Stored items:
-=-=-

Theorem theorem2
  (n1 n2 m : nat)
  (f : vec n1 -> ereal) (g : vec n2 -> ereal)
  (A : mat m n1) (B : mat m n2) (c : vec m)
  (X : vec n1 -> Prop) (Z : vec n2 -> Prop)
  (Cphi Dphi : vec m -> Prop) (phi : vec m -> R) (gphi : vec m -> vec m)
  (Cx Dx : vec n1 -> Prop) (phx : vec n1 -> R) (gphx : vec n1 -> vec n1)
  (Cz Dz : vec n2 -> Prop) (phz : vec n2 -> R) (gphz : vec n2 -> vec n2)
  (rho tau rhox rhoz alpha p gamma : R)
  (x : nat -> vec n1) (z : nat -> vec n2) (y : nat -> vec m)
  (* problem data *)
  (HX : convex_set X) (HZ : convex_set Z)
  (Hphi : bregman_generator Cphi Dphi phi gphi)
  (Hphx : bregman_generator Cx Dx phx gphx)
  (Hphz : bregman_generator Cz Dz phz gphz)
  (* parameters *)
  (Hrho : rho > 0) (Htau : tau > 0) (Hrhox : rhox >= 0) (Hrhoz : rhoz >= 0)
  (* Assumption 1(a) *)
  (Hf : econvex f /\ eproper f /\ eclosed f)
  (Hg : econvex g /\ eproper g /\ eclosed g)
  (* Assumption 1(b) *)
  (Hopt : exists xo zo, X xo /\ Z zo /\ vadd (mv A xo) (mv B zo) = c /\
     forall x' z', X x' -> Z z' -> vadd (mv A x') (mv B z') = c ->
       ele (eadd (f xo) (g zo)) (eadd (f x') (g z')))
  (* Assumption 1(c) *)
  (Halpha : alpha > 0) (Hp : p > 0)
  (Hstrong : forall u v, Cphi u -> Dphi v ->
     breg phi gphi u v >= alpha / 2 * (normp p (vsub u v)) ^ 2)
  (* standing assumption: Bregman divergences evaluated where defined *)
  (Hdom : forall t, Dphi (mv B (z t)) /\ Dphi (vsub c (mv A (x (S t)))) /\
                    Dx (x t) /\ Dz (z t))
  (* generalized Bregman ADMM iterations *)
  (Hy0 : y 0%nat = vzero m)
  (Hxstep : forall t, X (x (S t)) /\ Cphi (vsub c (mv A (x (S t)))) /\ Cx (x (S t)) /\
     forall x', X x' -> Cphi (vsub c (mv A x')) -> Cx x' ->
       ele (admm_x_obj f A B c phi gphi phx gphx rho rhox (x t) (z t) (y t) (x (S t)))
           (admm_x_obj f A B c phi gphi phx gphx rho rhox (x t) (z t) (y t) x'))
  (Hzstep : forall t, Z (z (S t)) /\ Cphi (mv B (z (S t))) /\ Cz (z (S t)) /\
     forall z', Z z' -> Cphi (mv B z') -> Cz z' ->
       ele (admm_z_obj g A B c phi gphi phz gphz rho rhoz (x (S t)) (z t) (y t) (z (S t)))
           (admm_z_obj g A B c phi gphi phz gphz rho rhoz (x (S t)) (z t) (y t) z'))
  (Hystep : forall t, y (S t) =
     vadd (y t) (vscal tau (vsub (vadd (mv A (x (S t))) (mv B (z (S t)))) c)))
  (* standing assumption: first-order optimality conditions *)
  (Hfoc_x : forall t, subgrad f (x (S t))
     (vsub (vopp (mtv A (vadd (y t)
              (vscal rho (vsub (gphi (mv B (z t))) (gphi (vsub c (mv A (x (S t))))))))))
           (vscal rhox (vsub (gphx (x (S t))) (gphx (x t))))))
  (Hfoc_z : forall t, subgrad g (z (S t))
     (vsub (vopp (mtv B (vadd (y t)
              (vscal rho (vsub (gphi (mv B (z (S t)))) (gphi (vsub c (mv A (x (S t))))))))))
           (vscal rhoz (vsub (gphz (z (S t))) (gphz (z t))))))
  (* step-size conditions *)
  (Hgamma : 0 < gamma < alpha * Rmin 1 (Rpower (INR m) (2 / p - 1)) / 2)
  (Htau_le : tau <= (alpha * Rmin 1 (Rpower (INR m) (2 / p - 1)) - 2 * gamma) * rho)
  (* a KKT point *)
  (xs : vec n1) (zs : vec n2) (ys : vec m)
  (Hkkt_f : subgrad f xs (vopp (mtv A ys)))
  (Hkkt_g : subgrad g zs (vopp (mtv B ys)))
  (Hkkt_c : vadd (mv A xs) (mv B zs) = c)
  (Hkkt_dom : Cx xs /\ Cz zs /\ Cphi (mv B zs))
  (T : nat) (HT : (1 <= T)%nat) :
  (exists a b a' b',
     f (tavg x T) = Fin a /\ g (tavg z T) = Fin b /\
     f xs = Fin a' /\ g zs = Fin b' /\
     a + b - (a' + b') <=
       (rho * breg phi gphi (mv B zs) (mv B (z 0%nat))
        + rhox * breg phx gphx xs (x 0%nat)
        + rhoz * breg phz gphz zs (z 0%nat)) / INR T)
  /\
  (norm2 (vsub (vadd (mv A (tavg x T)) (mv B (tavg z T))) c)) ^ 2 <=
    (/ (2 * tau * rho) * (norm2 (vsub ys (y 0%nat))) ^ 2
     + breg phi gphi (mv B zs) (mv B (z 0%nat))
     + rhox / rho * breg phx gphx xs (x 0%nat)
     + rhoz / rho * breg phz gphz zs (z 0%nat)) / (gamma * INR T).
Proof.
have [f_convex _] := Hf; have [g_convex _] := Hg.
have gamma_gt0 : 0 < gamma by case: Hgamma.
have dom_x : forall t, Cphi (vsub c (mv A (x t.+1))) /\ Cx (x t.+1).
  by move=> t; have [_ [Ca [Cx1 _]]] := Hxstep t.
have dom_z : forall t, Cphi (mv B (z t.+1)) /\ Cz (z t.+1).
  by move=> t; have [_ [Cb [Cz1 _]]] := Hzstep t.
split.
  exact: (objective_rate Cphi Dphi x z y Hphx Hphz Hrho Htau Hrhox Hrhoz Halpha Hp
    gamma_gt0 Htau_le Hstrong Hdom dom_x dom_z Hystep Hfoc_x Hfoc_z
    Hkkt_f Hkkt_g Hkkt_c Hkkt_dom f_convex g_convex Hy0 T HT).
exact: (residual_rate Cphi Dphi x z y Hphx Hphz Hrho Htau Hrhox Hrhoz Halpha Hp
  gamma_gt0 Htau_le Hstrong Hdom dom_x dom_z Hystep Hfoc_x Hfoc_z
  Hkkt_f Hkkt_g Hkkt_c Hkkt_dom T HT).
Qed.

-=-=-

- [Brief]: Nothing but the lines from the first line of the data through the line with "forall x', X" should be returned, exactly as they appear, both ends included.

- [Response to the task]:
Theorem theorem2
  (n1 n2 m : nat)
  (f : vec n1 -> ereal) (g : vec n2 -> ereal)
  (A : mat m n1) (B : mat m n2) (c : vec m)
  (X : vec n1 -> Prop) (Z : vec n2 -> Prop)
  (Cphi Dphi : vec m -> Prop) (phi : vec m -> R) (gphi : vec m -> vec m)
  (Cx Dx : vec n1 -> Prop) (phx : vec n1 -> R) (gphx : vec n1 -> vec n1)
  (Cz Dz : vec n2 -> Prop) (phz : vec n2 -> R) (gphz : vec n2 -> vec n2)
  (rho tau rhox rhoz alpha p gamma : R)
  (x : nat -> vec n1) (z : nat -> vec n2) (y : nat -> vec m)
  (* problem data *)
  (HX : convex_set X) (HZ : convex_set Z)
  (Hphi : bregman_generator Cphi Dphi phi gphi)
  (Hphx : bregman_generator Cx Dx phx gphx)
  (Hphz : bregman_generator Cz Dz phz gphz)
  (* parameters *)
  (Hrho : rho > 0) (Htau : tau > 0) (Hrhox : rhox >= 0) (Hrhoz : rhoz >= 0)
  (* Assumption 1(a) *)
  (Hf : econvex f /\ eproper f /\ eclosed f)
  (Hg : econvex g /\ eproper g /\ eclosed g)
  (* Assumption 1(b) *)
  (Hopt : exists xo zo, X xo /\ Z zo /\ vadd (mv A xo) (mv B zo) = c /\
     forall x' z', X x' -> Z z' -> vadd (mv A x') (mv B z') = c ->
       ele (eadd (f xo) (g zo)) (eadd (f x') (g z')))
  (* Assumption 1(c) *)
  (Halpha : alpha > 0) (Hp : p > 0)
  (Hstrong : forall u v, Cphi u -> Dphi v ->
     breg phi gphi u v >= alpha / 2 * (normp p (vsub u v)) ^ 2)
  (* standing assumption: Bregman divergences evaluated where defined *)
  (Hdom : forall t, Dphi (mv B (z t)) /\ Dphi (vsub c (mv A (x (S t)))) /\
                    Dx (x t) /\ Dz (z t))
  (* generalized Bregman ADMM iterations *)
  (Hy0 : y 0%nat = vzero m)
  (Hxstep : forall t, X (x (S t)) /\ Cphi (vsub c (mv A (x (S t)))) /\ Cx (x (S t)) /\
     forall x', X x' -> Cphi (vsub c (mv A x')) -> Cx x' ->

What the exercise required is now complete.